• _ABOUT THIS TASK_
Write out again, exactly, the lines below starting at the one with "exists z1 z2" and ending at the one with "destruct (root_between f t1".

• _EXERCISE DATA_
(* Let $a_0,\dots,a_4,b_0,\dots,b_4>0$. Assume $Q<0$, $z_0>0$ (so that $\xi^{ext}_1,\dots,\xi^{ext}_4$ are real) and $\xi_{min}>0$. If $P_5(\xi_{min})>0$ and $P_5(\xi_{max})<0$, then the quartic operator $\mathcal{Q}$ has at least three fixed points in $\mathbb{R}_>^2$, i.e. $N_>^{fix}(\mathcal{Q})\ge 3$.
   Context: Quartic operator on $\mathbb{R}_+^2=\{(x,y):x\ge0,y\ge0\}$: $\mathcal{Q}(x,y)=\big(\sum_{i=0}^4\binom{4}{i}a_i x^{4-i}y^i,\ \sum_{i=0}^4\binom{4}{i}b_i x^{4-i}y^i\big)$; $\mathbb{R}_>^2=\{(x,y):x>0,y>0\}$; $N_>^{fix}(\mathcal{Q})$ is the number of fixed points of $\mathcal{Q}$ in $\mathbb{R}_>^2$. Set $\mu_0=a_4$, $\mu_1=4a_3-b_4$, $\mu_2=6a_2-4b_3$, $\mu_3=4a_1-6b_2$, $\mu_4=a_0-4b_1$, $\mu_5=b_0$, and $P_5(\xi)=\mu_0\xi^5+\mu_1\xi^4+\mu_2\xi^3+\mu_3\xi^2+\mu_4\xi-\mu_5$. Define $p=\frac{15\mu_0\mu_2-6\mu_1^2}{25\mu_0^2}$, $q=\frac{50\mu_0^2\mu_3+8\mu_1^3-30\mu_0\mu_1\mu_2}{125\mu_0^3}$, $r=\frac{15\mu_0\mu_1^2\mu_2-50\mu_0^2\mu_1\mu_3-3\mu_1^4+125\mu_0^3\mu_4}{625\mu_0^4}$ (so that $\omega^4+p\omega^2+q\omega+r=P_5'(\omega-\frac{\mu_1}{5\mu_0})/(5\mu_0)$), $a=-\frac{p^2}{12}-r$, $b=-\frac{p^3}{108}+\frac{pr}{3}-\frac{q^2}{8}$, $Q=(a/3)^3+(b/2)^2$. When $Q<0$ (hence $a<0$), let $\alpha\in[0,\pi]$ with $\cos\alpha=-\frac{b}{2}\left(-\frac{3}{a}\right)^{3/2}$ and $z_0=2\sqrt{-a/3}\,\cos\!\left(\frac{2\pi}{3}+\frac{\alpha}{3}\right)-\frac{p}{3}$. For $z_0>0$ put $\xi^{ext}_{1,2}=\frac12\Big(\sqrt{2z_0}\pm\sqrt{2z_0-4\big(\frac p2+z_0+\frac{q}{2\sqrt{2z_0}}\big)}\Big)-\frac{\mu_1}{5\mu_0}$, $\xi^{ext}_{3,4}=\frac12\Big(-\sqrt{2z_0}\pm\sqrt{2z_0-4\big(\frac p2+z_0-\frac{q}{2\sqrt{2z_0}}\big)}\Big)-\frac{\mu_1}{5\mu_0}$, and $\xi_{min}=\min_j\xi^{ext}_j$, $\xi_{max}=\max_j\xi^{ext}_j$. *)

From Stdlib Require Import Reals.
Open Scope R_scope.

Definition binom4 (i : nat) : R :=
  match i with 0 => 1 | 1 => 4 | 2 => 6 | 3 => 4 | 4 => 1 | _ => 0 end.

Definition quartic_form (c : nat -> R) (x y : R) : R :=
  binom4 0 * c 0%nat * x^4 + binom4 1 * c 1%nat * x^3 * y
  + binom4 2 * c 2%nat * x^2 * y^2 + binom4 3 * c 3%nat * x * y^3
  + binom4 4 * c 4%nat * y^4.

Definition quartic_op (a b : nat -> R) (p : R * R) : R * R :=
  (quartic_form a (fst p) (snd p), quartic_form b (fst p) (snd p)).

Definition pos_fixed_point (a b : nat -> R) (p : R * R) : Prop :=
  0 < fst p /\ 0 < snd p /\ quartic_op a b p = p.

Section Params.
Variables (a b : nat -> R).

Definition mu0 := a 4%nat.
Definition mu1 := 4 * a 3%nat - b 4%nat.
Definition mu2 := 6 * a 2%nat - 4 * b 3%nat.
Definition mu3 := 4 * a 1%nat - 6 * b 2%nat.
Definition mu4 := a 0%nat - 4 * b 1%nat.
Definition mu5 := b 0%nat.

Definition P5 (xi : R) : R :=
  mu0 * xi^5 + mu1 * xi^4 + mu2 * xi^3 + mu3 * xi^2 + mu4 * xi - mu5.

Definition pp := (15 * mu0 * mu2 - 6 * mu1^2) / (25 * mu0^2).
Definition qq := (50 * mu0^2 * mu3 + 8 * mu1^3 - 30 * mu0 * mu1 * mu2) / (125 * mu0^3).
Definition rr := (15 * mu0 * mu1^2 * mu2 - 50 * mu0^2 * mu1 * mu3 - 3 * mu1^4
                  + 125 * mu0^3 * mu4) / (625 * mu0^4).
Definition aa := - pp^2 / 12 - rr.
Definition bb := - pp^3 / 108 + pp * rr / 3 - qq^2 / 8.
Definition QQ := (aa / 3)^3 + (bb / 2)^2.

Definition alpha := acos (- (bb / 2) * (sqrt (- 3 / aa))^3).
Definition z0 := 2 * sqrt (- aa / 3) * cos (2 * PI / 3 + alpha / 3) - pp / 3.

Definition shift := mu1 / (5 * mu0).
Definition s2z := sqrt (2 * z0).

Definition xi1 := (s2z + sqrt (2 * z0 - 4 * (pp / 2 + z0 + qq / (2 * s2z)))) / 2 - shift.
Definition xi2 := (s2z - sqrt (2 * z0 - 4 * (pp / 2 + z0 + qq / (2 * s2z)))) / 2 - shift.
Definition xi3 := (- s2z + sqrt (2 * z0 - 4 * (pp / 2 + z0 - qq / (2 * s2z)))) / 2 - shift.
Definition xi4 := (- s2z - sqrt (2 * z0 - 4 * (pp / 2 + z0 - qq / (2 * s2z)))) / 2 - shift.

Definition xi_min := Rmin (Rmin xi1 xi2) (Rmin xi3 xi4).
Definition xi_max := Rmax (Rmax xi1 xi2) (Rmax xi3 xi4).
End Params.

(* Fixed points of Q in the open quadrant are found on rays y = xi * x.
   Writing A(xi) = quartic_form a 1 xi > 0, homogeneity gives
   Q(x, xi x) = x^4 (A(xi), xi A(xi) - P5(xi)), so every positive root xi
   of P5 yields the fixed point (x, xi x) with x^3 A(xi) = 1; distinct roots
   give distinct points because they lie on distinct rays.

   Positive roots come from sign changes of P5 along
     0 < xi_min < xi_max < T :
   P5(0) = -b0 < 0, P5(xi_min) > 0, P5(xi_max) < 0 and P5(T) > 0 for T
   large, since the leading coefficient mu0 = a4 is positive.  The
   intermediate value theorem then provides three distinct positive roots.
   The hypotheses Q < 0 and z0 > 0 only guarantee that the xi_j are the real
   critical points of P5; the counting argument itself does not need them. *)

From Stdlib Require Import Reals Lra Psatz.
Open Scope R_scope.

Lemma root_between (f : R -> R) (x y : R) :
  continuity f -> x < y -> f x * f y < 0 ->
  exists z, x < z < y /\ f z = 0.
Proof.
  intros Hf Hxy Hsign.
  destruct (Rlt_or_le (f x) 0) as [Hx | Hx].
  - assert (Hy : 0 < f y) by nra.
    destruct (IVT f x y Hf Hxy Hx Hy) as [z [[H1 H2] Hz]].
    exists z; split; [split|]; auto.
    + destruct H1 as [H1 | H1]; [exact H1 | subst; lra].
    + destruct H2 as [H2 | H2]; [exact H2 | subst; lra].
  - assert (Hx' : 0 < f x)
      by (destruct Hx as [Hx | Hx]; [exact Hx | rewrite <- Hx in Hsign; lra]).
    assert (Hy : f y < 0) by nra.
    assert (Hg : continuity (fun t => - f t)) by (apply continuity_opp, Hf).
    destruct (IVT (fun t => - f t) x y Hg Hxy ltac:(lra) ltac:(lra))
      as [z [[H1 H2] Hz]].
    exists z; split; [split | lra].
    + destruct H1 as [H1 | H1]; [exact H1 | subst; lra].
    + destruct H2 as [H2 | H2]; [exact H2 | subst; lra].
Qed.

Lemma three_sign_changes (f : R -> R) (t0 t1 t2 t3 : R) :
  continuity f -> t0 < t1 -> t1 < t2 -> t2 < t3 ->
  f t0 < 0 -> 0 < f t1 -> f t2 < 0 -> 0 < f t3 ->
  exists z1 z2 z3,
    t0 < z1 < t1 /\ t1 < z2 < t2 /\ t2 < z3 < t3 /\
    f z1 = 0 /\ f z2 = 0 /\ f z3 = 0.
Proof.
  intros Hf H01 H12 H23 F0 F1 F2 F3.
  destruct (root_between f t0 t1 Hf H01 ltac:(nra)) as [z1 [I1 E1]].
  destruct (root_between f t1 t2 Hf H12 ltac:(nra)) as [z2 [I2 E2]].
  destruct (root_between f t2 t3 Hf H23 ltac:(nra)) as [z3 [I3 E3]].
  exists z1, z2, z3; tauto.
Qed.

Lemma P5_continuous (a b : nat -> R) : continuity (P5 a b).
Proof. unfold P5. reg. Qed.

(* For t >= 1, a monomial of degree at most 4 is bounded below by
   -|m| t^4; this is what makes the degree-5 term dominate. *)
Lemma monomial_lower_bound (m t : R) (k : nat) :
  1 <= t -> (k <= 4)%nat -> - Rabs m * t ^ 4 <= m * t ^ k.
Proof.
  intros Ht Hk.
  pose proof (Rle_pow t k 4 Ht Hk).
  assert (0 <= t ^ k) by (apply pow_le; lra).
  pose proof (Rle_abs m). pose proof (Rle_abs (- m)). rewrite Rabs_Ropp in *.
  nra.
Qed.

Lemma P5_pos_large (a b : nat -> R) (t : R) :
  0 < mu0 a -> 1 <= t ->
  Rabs (mu1 a b) + Rabs (mu2 a b) + Rabs (mu3 a b) + Rabs (mu4 a b) + Rabs (mu5 b)
    < mu0 a * t ->
  0 < P5 a b t.
Proof.
  intros Hmu0 Ht Hdom.
  pose proof (monomial_lower_bound (mu1 a b) t 4 Ht ltac:(lia)).
  pose proof (monomial_lower_bound (mu2 a b) t 3 Ht ltac:(lia)).
  pose proof (monomial_lower_bound (mu3 a b) t 2 Ht ltac:(lia)).
  pose proof (monomial_lower_bound (mu4 a b) t 1 Ht ltac:(lia)).
  pose proof (monomial_lower_bound (- mu5 b) t 0 Ht ltac:(lia)).
  rewrite Rabs_Ropp in *.
  assert (Ht4 : 1 <= t ^ 4) by (apply pow_R1_Rle; lra).
  assert (Hlead : 0 < t ^ 4 * (mu0 a * t -
    (Rabs (mu1 a b) + Rabs (mu2 a b) + Rabs (mu3 a b) + Rabs (mu4 a b) + Rabs (mu5 b))))
    by (apply Rmult_lt_0_compat; lra).
  unfold P5. simpl pow in *. nra.
Qed.

Lemma P5_eventually_pos (a b : nat -> R) (M : R) :
  0 < mu0 a -> exists T, M < T /\ 0 < P5 a b T.
Proof.
  intros Hmu0.
  set (S := Rabs (mu1 a b) + Rabs (mu2 a b) + Rabs (mu3 a b)
            + Rabs (mu4 a b) + Rabs (mu5 b)).
  exists (Rmax 1 (Rmax (M + 1) (S / mu0 a + 1))).
  pose proof (Rmax_l 1 (Rmax (M + 1) (S / mu0 a + 1))).
  pose proof (Rmax_r 1 (Rmax (M + 1) (S / mu0 a + 1))).
  pose proof (Rmax_l (M + 1) (S / mu0 a + 1)).
  pose proof (Rmax_r (M + 1) (S / mu0 a + 1)).
  split; [lra|].
  apply P5_pos_large; [exact Hmu0 | lra |].
  assert (Hscale : S = mu0 a * (S / mu0 a)) by (field; lra).
  fold S. rewrite Hscale at 1. apply Rmult_lt_compat_l; lra.
Qed.

Lemma xi_min_le_xi_max (a b : nat -> R) : xi_min a b <= xi_max a b.
Proof.
  unfold xi_min, xi_max.
  pose proof (Rmin_l (Rmin (xi1 a b) (xi2 a b)) (Rmin (xi3 a b) (xi4 a b))).
  pose proof (Rmin_l (xi1 a b) (xi2 a b)).
  pose proof (Rmax_l (Rmax (xi1 a b) (xi2 a b)) (Rmax (xi3 a b) (xi4 a b))).
  pose proof (Rmax_l (xi1 a b) (xi2 a b)).
  lra.
Qed.

Lemma quartic_form_homogeneous (c : nat -> R) (t x y : R) :
  quartic_form c (t * x) (t * y) = t ^ 4 * quartic_form c x y.
Proof. unfold quartic_form. ring. Qed.

(* On the ray y = xi * x the second component of Q is xi times the first
   one, corrected by P5: this is why roots of P5 are the fixed rays. *)
Lemma quartic_form_b_on_ray (a b : nat -> R) (xi : R) :
  quartic_form b 1 xi = xi * quartic_form a 1 xi - P5 a b xi.
Proof.
  unfold quartic_form, binom4, P5, mu0, mu1, mu2, mu3, mu4, mu5. ring.
Qed.

Lemma quartic_form_pos (c : nat -> R) (x y : R) :
  (forall i : nat, (i <= 4)%nat -> 0 < c i) -> 0 < x -> 0 < y ->
  0 < quartic_form c x y.
Proof.
  intros Hc Hx Hy.
  pose proof (Hc 0%nat ltac:(lia)). pose proof (Hc 1%nat ltac:(lia)).
  pose proof (Hc 2%nat ltac:(lia)). pose proof (Hc 3%nat ltac:(lia)).
  pose proof (Hc 4%nat ltac:(lia)).
  unfold quartic_form, binom4.
  assert (0 < x ^ 4) by (apply pow_lt; lra).
  assert (0 < x ^ 3 * y) by (apply Rmult_lt_0_compat; [apply pow_lt|]; lra).
  assert (0 < x ^ 2 * y ^ 2) by (apply Rmult_lt_0_compat; apply pow_lt; lra).
  assert (0 < x * y ^ 3) by (apply Rmult_lt_0_compat; [|apply pow_lt]; lra).
  assert (0 < y ^ 4) by (apply pow_lt; lra).
  nra.
Qed.

Lemma inverse_cube_root (A : R) : 0 < A -> exists x, 0 < x /\ x ^ 3 * A = 1.
Proof.
  intros HA.
  exists (Rpower A (- (1 / 3))).
  assert (Hx : 0 < Rpower A (- (1 / 3))) by (unfold Rpower; apply exp_pos).
  split; [exact Hx|].
  rewrite <- Rpower_pow by exact Hx. rewrite Rpower_mult.
  replace (- (1 / 3) * INR 3) with (Ropp 1) by (simpl; field).
  rewrite Rpower_Ropp, Rpower_1 by exact HA. field. lra.
Qed.

Lemma fixed_point_of_root (a b : nat -> R) (xi : R) :
  (forall i : nat, (i <= 4)%nat -> 0 < a i /\ 0 < b i) ->
  0 < xi -> P5 a b xi = 0 ->
  exists x, 0 < x /\ pos_fixed_point a b (x, xi * x).
Proof.
  intros Hab Hxi Hroot.
  set (A := quartic_form a 1 xi).
  assert (HA : 0 < A).
  { apply quartic_form_pos; [intros i Hi; apply Hab, Hi | lra | exact Hxi]. }
  destruct (inverse_cube_root A HA) as [x [Hx Hx3]].
  assert (Hray : forall c, quartic_form c x (xi * x) = x ^ 4 * quartic_form c 1 xi).
  { intro c. rewrite <- (quartic_form_homogeneous c x 1 xi). f_equal; ring. }
  exists x. split; [exact Hx|].
  split; [exact Hx|]. split; [simpl; nra|].
  unfold quartic_op; simpl fst; simpl snd.
  rewrite !Hray, (quartic_form_b_on_ray a b xi), Hroot. fold A.
  f_equal.
  - replace (x ^ 4 * A) with (x * (x ^ 3 * A)) by ring. rewrite Hx3. ring.
  - replace (x ^ 4 * (xi * A - 0)) with (xi * x * (x ^ 3 * A)) by ring.
    rewrite Hx3. ring.
Qed.

Lemma ray_points_distinct (x1 x2 xi1 xi2 : R) :
  0 < x2 -> xi1 <> xi2 -> (x1, xi1 * x1) <> (x2, xi2 * x2).
Proof.
  intros Hx2 Hxi Heq. injection Heq as Ex Ey. subst x1.
  apply Hxi, (Rmult_eq_reg_r x2); lra.
Qed.

Theorem theorem3 (a b : nat -> R) :
  (forall i : nat, (i <= 4)%nat -> 0 < a i /\ 0 < b i) ->
  QQ a b < 0 ->
  0 < z0 a b ->
  0 < xi_min a b ->
  0 < P5 a b (xi_min a b) ->
  P5 a b (xi_max a b) < 0 ->
  exists p1 p2 p3 : R * R,
    pos_fixed_point a b p1 /\ pos_fixed_point a b p2 /\ pos_fixed_point a b p3 /\
    p1 <> p2 /\ p1 <> p3 /\ p2 <> p3.
Proof.
  intros Hab _ _ Hmin Pmin Pmax.
  destruct (Hab 0%nat ltac:(lia)) as [_ Hb0].
  destruct (Hab 4%nat ltac:(lia)) as [Ha4 _].
  assert (P0 : P5 a b 0 < 0) by (unfold P5, mu5; simpl; lra).
  assert (HmM : xi_min a b < xi_max a b).
  { destruct (Rle_lt_or_eq_dec _ _ (xi_min_le_xi_max a b)) as [H | H];
      [exact H | rewrite H in Pmin; lra]. }
  destruct (P5_eventually_pos a b (xi_max a b) Ha4) as [T [HMT PT]].
  destruct (three_sign_changes (P5 a b) 0 (xi_min a b) (xi_max a b) T
              (P5_continuous a b) Hmin HmM HMT P0 Pmin Pmax PT)
    as [z1 [z2 [z3 [I1 [I2 [I3 [E1 [E2 E3]]]]]]]].
  destruct (fixed_point_of_root a b z1 Hab ltac:(lra) E1) as [x1 [Hx1 F1]].
  destruct (fixed_point_of_root a b z2 Hab ltac:(lra) E2) as [x2 [Hx2 F2]].
  destruct (fixed_point_of_root a b z3 Hab ltac:(lra) E3) as [x3 [Hx3 F3]].
  exists (x1, z1 * x1), (x2, z2 * x2), (x3, z3 * x3).
  split; [exact F1|]. split; [exact F2|]. split; [exact F3|].
  split; [|split]; apply ray_points_distinct; lra.
Qed.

• _OUTPUT OF THE TASK_
  exists z1 z2 z3,
    t0 < z1 < t1 /\ t1 < z2 < t2 /\ t2 < z3 < t3 /\
    f z1 = 0 /\ f z2 = 0 /\ f z3 = 0.
Proof.
  intros Hf H01 H12 H23 F0 F1 F2 F3.
  destruct (root_between f t0 t1 Hf H01 ltac:(nra)) as [z1 [I1 E1]].
  destruct (root_between f t1 t2 Hf H12 ltac:(nra)) as [z2 [I2 E2]].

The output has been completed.